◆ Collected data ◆
*** Block opens ***

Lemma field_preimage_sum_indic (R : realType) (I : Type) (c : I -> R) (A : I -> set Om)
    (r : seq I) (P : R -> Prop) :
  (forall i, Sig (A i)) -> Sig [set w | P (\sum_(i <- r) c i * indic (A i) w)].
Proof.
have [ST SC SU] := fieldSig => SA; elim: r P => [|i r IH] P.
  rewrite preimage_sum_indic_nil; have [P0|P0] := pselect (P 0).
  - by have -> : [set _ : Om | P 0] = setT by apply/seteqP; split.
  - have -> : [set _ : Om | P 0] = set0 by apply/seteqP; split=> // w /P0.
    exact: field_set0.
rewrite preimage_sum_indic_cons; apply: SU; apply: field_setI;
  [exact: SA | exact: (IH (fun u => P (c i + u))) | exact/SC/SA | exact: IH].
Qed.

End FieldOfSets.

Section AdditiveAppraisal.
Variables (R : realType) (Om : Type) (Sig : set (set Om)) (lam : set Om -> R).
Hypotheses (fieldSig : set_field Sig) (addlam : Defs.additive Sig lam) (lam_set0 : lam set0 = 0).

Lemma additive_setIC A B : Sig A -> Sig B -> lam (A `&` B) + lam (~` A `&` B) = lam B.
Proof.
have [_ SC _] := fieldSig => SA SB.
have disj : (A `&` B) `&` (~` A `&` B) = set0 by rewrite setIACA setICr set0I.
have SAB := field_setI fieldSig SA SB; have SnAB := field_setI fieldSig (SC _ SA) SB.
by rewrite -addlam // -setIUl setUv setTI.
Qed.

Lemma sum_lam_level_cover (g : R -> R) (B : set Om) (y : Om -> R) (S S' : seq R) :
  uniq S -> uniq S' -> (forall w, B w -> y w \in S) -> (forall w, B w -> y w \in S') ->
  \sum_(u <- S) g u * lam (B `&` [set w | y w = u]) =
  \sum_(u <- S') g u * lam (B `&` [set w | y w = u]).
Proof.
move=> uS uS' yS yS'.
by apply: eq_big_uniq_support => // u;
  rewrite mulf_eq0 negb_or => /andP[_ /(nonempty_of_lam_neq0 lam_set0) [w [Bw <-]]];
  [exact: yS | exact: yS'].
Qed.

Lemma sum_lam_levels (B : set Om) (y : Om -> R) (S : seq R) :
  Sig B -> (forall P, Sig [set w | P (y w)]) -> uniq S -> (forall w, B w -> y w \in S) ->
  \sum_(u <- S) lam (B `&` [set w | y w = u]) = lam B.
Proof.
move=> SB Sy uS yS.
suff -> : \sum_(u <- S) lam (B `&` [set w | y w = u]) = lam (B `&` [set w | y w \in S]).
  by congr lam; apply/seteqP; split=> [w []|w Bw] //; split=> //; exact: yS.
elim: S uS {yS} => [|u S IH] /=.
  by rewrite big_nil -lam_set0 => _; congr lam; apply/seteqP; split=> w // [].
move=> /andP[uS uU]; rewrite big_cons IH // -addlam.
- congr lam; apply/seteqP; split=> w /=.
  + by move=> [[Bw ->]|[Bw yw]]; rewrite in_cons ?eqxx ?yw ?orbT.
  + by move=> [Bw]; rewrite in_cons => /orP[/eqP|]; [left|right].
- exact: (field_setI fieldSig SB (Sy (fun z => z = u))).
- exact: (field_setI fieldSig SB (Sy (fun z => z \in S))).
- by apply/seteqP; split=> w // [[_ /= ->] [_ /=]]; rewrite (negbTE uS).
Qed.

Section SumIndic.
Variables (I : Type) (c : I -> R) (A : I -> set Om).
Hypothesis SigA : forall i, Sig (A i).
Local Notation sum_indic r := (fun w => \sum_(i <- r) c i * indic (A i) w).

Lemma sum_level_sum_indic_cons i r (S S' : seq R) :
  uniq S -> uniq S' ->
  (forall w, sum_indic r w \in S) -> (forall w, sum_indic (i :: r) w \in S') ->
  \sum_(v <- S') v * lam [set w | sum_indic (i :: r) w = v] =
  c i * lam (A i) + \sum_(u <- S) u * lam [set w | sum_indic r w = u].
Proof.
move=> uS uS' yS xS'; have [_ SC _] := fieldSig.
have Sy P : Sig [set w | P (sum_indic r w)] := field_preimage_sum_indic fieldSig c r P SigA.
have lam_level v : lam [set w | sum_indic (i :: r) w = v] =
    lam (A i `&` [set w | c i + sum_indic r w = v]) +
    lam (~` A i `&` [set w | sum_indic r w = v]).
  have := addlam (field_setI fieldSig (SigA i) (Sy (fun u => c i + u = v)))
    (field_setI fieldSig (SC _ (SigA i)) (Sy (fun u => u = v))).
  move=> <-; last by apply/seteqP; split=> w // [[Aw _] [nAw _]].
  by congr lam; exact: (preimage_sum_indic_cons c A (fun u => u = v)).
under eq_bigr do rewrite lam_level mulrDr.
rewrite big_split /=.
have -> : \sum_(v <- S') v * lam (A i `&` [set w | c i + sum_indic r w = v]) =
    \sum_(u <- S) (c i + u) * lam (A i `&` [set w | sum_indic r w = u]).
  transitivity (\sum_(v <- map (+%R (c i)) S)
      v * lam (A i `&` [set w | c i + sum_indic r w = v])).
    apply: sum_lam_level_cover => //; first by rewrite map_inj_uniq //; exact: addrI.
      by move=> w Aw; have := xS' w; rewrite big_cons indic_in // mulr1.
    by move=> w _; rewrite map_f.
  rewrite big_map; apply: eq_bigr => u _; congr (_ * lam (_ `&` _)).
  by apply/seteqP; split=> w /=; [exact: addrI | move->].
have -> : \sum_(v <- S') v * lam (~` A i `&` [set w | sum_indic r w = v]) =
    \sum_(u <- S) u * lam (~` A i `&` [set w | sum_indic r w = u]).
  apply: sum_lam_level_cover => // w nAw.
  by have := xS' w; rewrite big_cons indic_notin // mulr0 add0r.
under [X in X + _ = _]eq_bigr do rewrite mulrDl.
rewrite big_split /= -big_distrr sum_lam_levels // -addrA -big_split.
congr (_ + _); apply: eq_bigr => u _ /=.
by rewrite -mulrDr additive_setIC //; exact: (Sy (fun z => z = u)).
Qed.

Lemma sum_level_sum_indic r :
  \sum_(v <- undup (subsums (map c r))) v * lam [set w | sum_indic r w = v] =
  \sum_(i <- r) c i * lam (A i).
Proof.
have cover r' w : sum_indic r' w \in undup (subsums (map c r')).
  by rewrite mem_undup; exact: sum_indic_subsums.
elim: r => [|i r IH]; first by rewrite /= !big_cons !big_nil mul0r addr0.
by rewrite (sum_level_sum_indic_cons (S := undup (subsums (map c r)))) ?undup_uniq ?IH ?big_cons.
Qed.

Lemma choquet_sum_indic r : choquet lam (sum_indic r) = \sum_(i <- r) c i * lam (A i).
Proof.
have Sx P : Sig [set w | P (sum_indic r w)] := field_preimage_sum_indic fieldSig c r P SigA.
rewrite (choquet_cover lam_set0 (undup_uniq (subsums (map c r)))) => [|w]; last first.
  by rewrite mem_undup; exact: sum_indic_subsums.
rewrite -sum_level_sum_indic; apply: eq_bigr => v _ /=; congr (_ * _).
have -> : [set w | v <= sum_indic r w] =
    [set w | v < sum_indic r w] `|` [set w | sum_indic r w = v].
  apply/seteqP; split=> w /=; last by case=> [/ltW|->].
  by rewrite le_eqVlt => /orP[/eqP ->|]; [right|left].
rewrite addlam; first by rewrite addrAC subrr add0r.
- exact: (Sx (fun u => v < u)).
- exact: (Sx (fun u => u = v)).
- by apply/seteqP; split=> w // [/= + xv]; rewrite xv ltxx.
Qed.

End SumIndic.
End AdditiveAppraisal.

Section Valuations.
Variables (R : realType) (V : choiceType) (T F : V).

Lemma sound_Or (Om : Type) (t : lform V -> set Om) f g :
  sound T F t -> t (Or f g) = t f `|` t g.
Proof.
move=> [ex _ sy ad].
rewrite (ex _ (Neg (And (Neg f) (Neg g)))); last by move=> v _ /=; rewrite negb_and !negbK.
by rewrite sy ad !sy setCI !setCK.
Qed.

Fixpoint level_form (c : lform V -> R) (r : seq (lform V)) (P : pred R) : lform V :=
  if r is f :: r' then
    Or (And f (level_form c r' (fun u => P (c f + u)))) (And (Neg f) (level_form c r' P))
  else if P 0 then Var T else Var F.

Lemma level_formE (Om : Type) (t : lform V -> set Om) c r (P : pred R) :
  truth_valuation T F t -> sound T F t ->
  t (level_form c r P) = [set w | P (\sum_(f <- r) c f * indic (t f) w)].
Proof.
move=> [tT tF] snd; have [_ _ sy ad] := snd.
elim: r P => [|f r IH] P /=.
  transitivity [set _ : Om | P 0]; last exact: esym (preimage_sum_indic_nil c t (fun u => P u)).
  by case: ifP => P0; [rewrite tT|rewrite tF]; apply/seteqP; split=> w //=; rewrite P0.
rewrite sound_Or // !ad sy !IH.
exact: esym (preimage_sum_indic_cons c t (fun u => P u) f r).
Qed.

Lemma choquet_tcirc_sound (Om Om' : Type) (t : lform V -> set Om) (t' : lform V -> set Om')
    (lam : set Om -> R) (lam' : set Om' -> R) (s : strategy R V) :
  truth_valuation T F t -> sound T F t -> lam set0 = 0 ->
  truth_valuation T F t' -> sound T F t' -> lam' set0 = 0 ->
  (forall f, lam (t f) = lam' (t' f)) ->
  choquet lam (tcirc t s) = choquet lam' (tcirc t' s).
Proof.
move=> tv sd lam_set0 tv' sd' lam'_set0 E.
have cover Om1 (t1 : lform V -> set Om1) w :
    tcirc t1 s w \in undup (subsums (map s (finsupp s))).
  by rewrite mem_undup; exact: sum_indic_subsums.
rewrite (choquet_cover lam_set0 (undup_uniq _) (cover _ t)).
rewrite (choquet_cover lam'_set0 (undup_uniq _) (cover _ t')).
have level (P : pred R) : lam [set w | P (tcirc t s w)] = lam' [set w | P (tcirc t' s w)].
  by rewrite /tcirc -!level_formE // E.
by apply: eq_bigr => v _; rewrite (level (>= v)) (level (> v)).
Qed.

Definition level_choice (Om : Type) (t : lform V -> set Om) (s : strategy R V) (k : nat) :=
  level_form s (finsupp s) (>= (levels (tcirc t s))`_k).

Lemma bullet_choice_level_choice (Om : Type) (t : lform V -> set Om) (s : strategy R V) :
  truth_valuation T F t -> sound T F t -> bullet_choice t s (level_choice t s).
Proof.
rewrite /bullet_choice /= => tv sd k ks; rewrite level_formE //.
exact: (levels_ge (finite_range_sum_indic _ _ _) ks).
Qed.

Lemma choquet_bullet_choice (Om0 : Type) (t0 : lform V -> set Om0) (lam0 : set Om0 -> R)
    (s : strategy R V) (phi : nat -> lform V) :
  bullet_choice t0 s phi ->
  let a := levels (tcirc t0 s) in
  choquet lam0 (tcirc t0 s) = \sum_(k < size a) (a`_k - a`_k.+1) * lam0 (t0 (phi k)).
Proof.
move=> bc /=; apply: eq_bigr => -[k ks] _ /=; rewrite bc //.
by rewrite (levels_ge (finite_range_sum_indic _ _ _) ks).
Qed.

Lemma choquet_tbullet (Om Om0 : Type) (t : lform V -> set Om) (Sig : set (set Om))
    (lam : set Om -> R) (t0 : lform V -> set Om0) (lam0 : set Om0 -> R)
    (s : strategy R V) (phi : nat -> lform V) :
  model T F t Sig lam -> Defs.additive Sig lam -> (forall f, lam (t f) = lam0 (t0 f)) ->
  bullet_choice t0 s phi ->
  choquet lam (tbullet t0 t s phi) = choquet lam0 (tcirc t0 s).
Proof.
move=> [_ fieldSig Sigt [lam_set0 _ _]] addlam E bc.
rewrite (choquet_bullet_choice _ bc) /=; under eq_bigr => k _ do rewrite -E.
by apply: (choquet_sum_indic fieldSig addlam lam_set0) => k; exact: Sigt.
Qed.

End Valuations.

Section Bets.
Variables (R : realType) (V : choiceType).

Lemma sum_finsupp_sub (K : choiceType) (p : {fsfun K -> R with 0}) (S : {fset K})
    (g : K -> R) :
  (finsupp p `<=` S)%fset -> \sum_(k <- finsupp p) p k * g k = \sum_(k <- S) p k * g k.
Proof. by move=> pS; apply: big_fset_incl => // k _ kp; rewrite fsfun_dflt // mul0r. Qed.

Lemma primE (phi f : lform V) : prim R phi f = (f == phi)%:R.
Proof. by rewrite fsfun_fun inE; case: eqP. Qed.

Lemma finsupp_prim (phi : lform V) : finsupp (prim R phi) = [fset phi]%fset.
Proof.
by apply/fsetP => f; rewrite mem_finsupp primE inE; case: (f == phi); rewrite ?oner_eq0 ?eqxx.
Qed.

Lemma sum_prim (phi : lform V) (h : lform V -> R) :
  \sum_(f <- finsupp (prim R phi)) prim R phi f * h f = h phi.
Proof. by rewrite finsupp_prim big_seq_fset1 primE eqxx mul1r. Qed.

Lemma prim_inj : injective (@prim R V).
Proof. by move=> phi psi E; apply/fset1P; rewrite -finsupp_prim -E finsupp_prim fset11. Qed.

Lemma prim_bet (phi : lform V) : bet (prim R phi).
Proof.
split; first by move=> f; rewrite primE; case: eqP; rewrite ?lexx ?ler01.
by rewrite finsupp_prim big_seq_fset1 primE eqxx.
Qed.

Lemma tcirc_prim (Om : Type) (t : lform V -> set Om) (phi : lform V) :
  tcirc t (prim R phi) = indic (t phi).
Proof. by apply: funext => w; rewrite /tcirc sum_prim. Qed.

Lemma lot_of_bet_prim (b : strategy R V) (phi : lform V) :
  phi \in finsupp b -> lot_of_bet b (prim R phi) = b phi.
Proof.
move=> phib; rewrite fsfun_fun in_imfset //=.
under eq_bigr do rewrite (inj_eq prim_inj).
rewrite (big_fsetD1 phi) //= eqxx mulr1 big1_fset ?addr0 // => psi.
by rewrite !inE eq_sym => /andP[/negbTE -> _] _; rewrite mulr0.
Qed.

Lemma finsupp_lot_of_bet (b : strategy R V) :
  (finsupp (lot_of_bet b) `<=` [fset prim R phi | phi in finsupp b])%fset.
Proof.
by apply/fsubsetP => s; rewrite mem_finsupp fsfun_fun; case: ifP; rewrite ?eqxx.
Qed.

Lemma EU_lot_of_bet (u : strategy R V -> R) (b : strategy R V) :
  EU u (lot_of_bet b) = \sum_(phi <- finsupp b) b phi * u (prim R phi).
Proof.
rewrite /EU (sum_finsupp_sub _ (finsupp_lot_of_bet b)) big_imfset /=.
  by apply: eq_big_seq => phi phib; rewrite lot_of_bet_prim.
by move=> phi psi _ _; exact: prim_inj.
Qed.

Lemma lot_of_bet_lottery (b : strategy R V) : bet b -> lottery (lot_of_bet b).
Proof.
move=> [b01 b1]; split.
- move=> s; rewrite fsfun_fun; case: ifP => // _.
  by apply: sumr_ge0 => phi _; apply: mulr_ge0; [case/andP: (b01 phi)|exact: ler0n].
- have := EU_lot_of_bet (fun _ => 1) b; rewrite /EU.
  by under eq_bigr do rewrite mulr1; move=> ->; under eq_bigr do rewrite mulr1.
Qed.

*** Block closes ***

◆ WHAT NEEDS TO BE DONE ◆
Among the records above, only the lines between the line holding "have lam_level v" and the line holding "have -> : \sum_(v <- S') v * lam (A", inclusive, are to be output, exactly as written.

◆ WRITTEN RESPONSE ◆
have lam_level v : lam [set w | sum_indic (i :: r) w = v] =
    lam (A i `&` [set w | c i + sum_indic r w = v]) +
    lam (~` A i `&` [set w | sum_indic r w = v]).
  have := addlam (field_setI fieldSig (SigA i) (Sy (fun u => c i + u = v)))
    (field_setI fieldSig (SC _ (SigA i)) (Sy (fun u => u = v))).
  move=> <-; last by apply/seteqP; split=> w // [[Aw _] [nAw _]].
  by congr lam; exact: (preimage_sum_indic_cons c A (fun u => u = v)).
under eq_bigr do rewrite lam_level mulrDr.
rewrite big_split /=.
have -> : \sum_(v <- S') v * lam (A i `&` [set w | c i + sum_indic r w = v]) =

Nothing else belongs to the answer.